Le lancement de cette compétition s’est donc déroulé dans un contexte paradoxal, alors que ce mondial constitue le sommet tant attendu pour beIN Media Group. Aussi, selon nos informations, les audiences des deux premières journées de la phase de poules en dehors de l’équipe de France et des exclusivités se sont orientées à la baisse par rapport à 2018, avec une perte plus conséquente en soirée. Par ailleurs, les choix de TF1 et le format plus réduit de la compétition n’ont offert aucune exclusivité à 20h sur ces deux premières journées contre trois en 2018. A l’époque, ces trois matchs avaient dépassé le million de téléspectateurs, avec jusqu’à 1,32 million pour Iran/Espagne.

Cette année, il a fallu attendre les quarts de finale pour voir la chaine atteindre le million de téléspectateurs de moyenne grâce à Croatie/Brésil (1,31 million) et même un pic record (2 millions) pour un mondial sur la chaîne grâce à ses prolongations. C’est un record d’audience moyenne pour un quart de finale sur beIN SPORTS, mais un score inférieur au record de 2018 avec le huitième de finale Espagne/Russie (1,47 million).

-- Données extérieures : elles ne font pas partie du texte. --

Lemma lifts_to_cocycle_all i j : lifts_to_cocycle i j.
Proof.
have [k le_k] : exists k, (N - (j + i) <= k)%N by exists (N - (j + i))%N.
elim: k j le_k => [|k IH] j le_k; first by apply: lifts_to_cocycle_top; lia.
have [Nji|jiN] := leqP N (j + i); first exact: lifts_to_cocycle_top.
by apply/lifts_to_cocycle_step/IH; lia.
Qed.

Variables (H : lmodType R) (pi : {linear P 0%N -> H}).
Hypothesis pi_surj : surj pi.
Hypothesis pi_ker : forall x, pi x = 0 <-> exists y, dP 0%N y = x.

Lemma hom_lift i (h : {linear H -> X i}) : (forall x, exists a, dX i a = h x) ->
  exists k : {linear H -> X i.+1}, forall x, dX i (k x) = h x.
Proof.
move=> h_im.
have [f df] : exists f : {linear P 0%N -> X i.+1}, forall p, dX i (f p) = h (pi p).
  by apply: (projective_lift (F := h \o pi)) => [|p]; [apply: P_proj | apply: h_im].
have [|f' f'_cycle df'] := @lifts_to_cocycle_all i 0%N f.
  by move=> y; rewrite df (proj2 (pi_ker _)) ?linear0 //; exists y.
have f'_ker p : pi p = 0 -> f' p = 0 by move=> /pi_ker[y <-].
have [k kpi] := factor_through_surj pi_surj f'_ker.
exists k => x; have [p <-] := pi_surj x.
by rewrite kpi df' df.
Qed.

Lemma hom_cov_exact_resolution i : hom_cov_exact H (dX i.+1) (dX i).
Proof. by move=> h h_cycle; apply: hom_lift => x; apply: (proj2 (dX_exact i)). Qed.

End LiftingAlongBoundedResolution.

Section Augmentation.
Variables (R : comPzRingType) (C M : lmodType R) (n : nat) (G : nat -> lmodType R).
Variables (d : forall i, {linear G i.+1 -> G i}) (e : {linear G 0%N -> M}).

Definition augment j : lmodType R := if j is i.+1 then G i else M.

Definition augment_d j : {linear augment j.+1 -> augment j} :=
  match j return {linear augment j.+1 -> augment j} with
  | 0%N => e
  | i.+1 => d i
  end.

Lemma augment_exact : GC_proj_resolution C n d e ->
  forall j, exact3 (augment_d j.+1) (augment_d j).
Proof. by case=> _ [_ [_ [de d_exact]]] [|j]; [apply: de | apply: d_exact]. Qed.

Lemma augment_bounded : GC_proj_resolution C n d e ->
  forall j, (n.+1 < j)%N -> is_zero_mod (augment j).
Proof. by case=> _ [G_bounded _] [|j] //; apply: G_bounded. Qed.

Lemma augment_hom_contra_exact (P : nat -> lmodType R)
    (dP : forall m, {linear P m.+1 -> P m}) :
  strict_GC_resolution C n d e ->
  (forall Q T, projective Q -> is_tensor C Q T ->
     forall m, hom_contra_exact T (dP m.+1) (dP m)) ->
  forall j m, (2 <= j)%N -> hom_contra_exact (augment j) (dP m.+1) (dP m).
Proof.
move=> [[_ [G_bounded _]] G_tensor] hom_exact [|[|j]] // m _ /=.
have [jn|nj] := leqP j.+1 n; last exact/hom_contra_exact_zero/G_bounded.
have [Q [Q_proj QT]] := G_tensor j.+1 jn.
exact: hom_exact Q_proj QT m.
Qed.

End Augmentation.

Theorem proposition3p4 (R : comPzRingType) (C M : lmodType R) :
  semidualizing C -> finite_GC_pd C M ->
  forall (n : nat) (G : nat -> lmodType R) (d : forall i, {linear G i.+1 -> G i})
         (e : {linear G 0%N -> M}),
    strict_GC_resolution C n d e ->
    forall H : lmodType R, GC_projective C H -> GC_proper_on H d e.
Proof.
move=> _ _ n G d e strict H.
move=> [P [dP [T [dT [dPT [P_proj [_ [dP_exact [_ [_ [_ [hom_exact [pi [pi_surj pi_ker]]]]]]]]]]]]]].
have [res _] := strict; have [_ [_ [e_surj _]]] := res.
have dP_complex m y : dP m (dP m.+1 y) = 0 by case: (dP_exact m).
have hom_P_exact := augment_hom_contra_exact strict
  (fun Q CQ Q_proj CQ_tensor => (hom_exact Q CQ Q_proj CQ_tensor).1).
have lift := hom_lift (augment_exact res) (augment_bounded res) P_proj dP_complex
  hom_P_exact pi_surj pi_ker.
have hom_exact_at := hom_cov_exact_resolution (augment_exact res)
  (augment_bounded res) P_proj dP_complex hom_P_exact pi_surj pi_ker.
split; first by move=> h; apply: (lift 0%N h) => x; apply: e_surj.
by split; [apply: (hom_exact_at 0%N) | move=> i; apply: (hom_exact_at i.+1)].
Qed.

Concernant l’équipe de France, les résultats communiqués par la chaine sont similaires aux chiffres de 2018, avec trois rencontres décisives au million et un record légèrement supérieur cette année (1,07 contre 1,06 million pour la demi-finale). En 2018, Florent Houzot, directeur de la rédaction de beIN SPORTS, rappelait que ces chiffres devaient être à relativiser en raison de l’absence des bars dans la comptabilisation. Ceux-ci semblent désormais inclus, au même titre que pour TF1. Si tel est le cas, cela traduirait une nette baisse pour ces grands matchs vis-à-vis de 2018, le total en incluant le hors domicile en 2022 étant équivalent aux audiences sans les bars de 2018. Cela pourrait également poser question sur la fiabilité de cette mesure nouvelle, tant beIN SPORTS est représentée dans les bars du pays pendant ce type de compétition.

Malgré cela, c’est la satisfaction qui est affichée par la chaine dont l’antenne a été dynamisée par un droit premium en milieu de saison. De quoi rappeler la qualité de son offre football aux amateurs, mais également communiquer sur le retour de clubs français de Ligue 1 grâce à l’arrivée de la Coupe de France.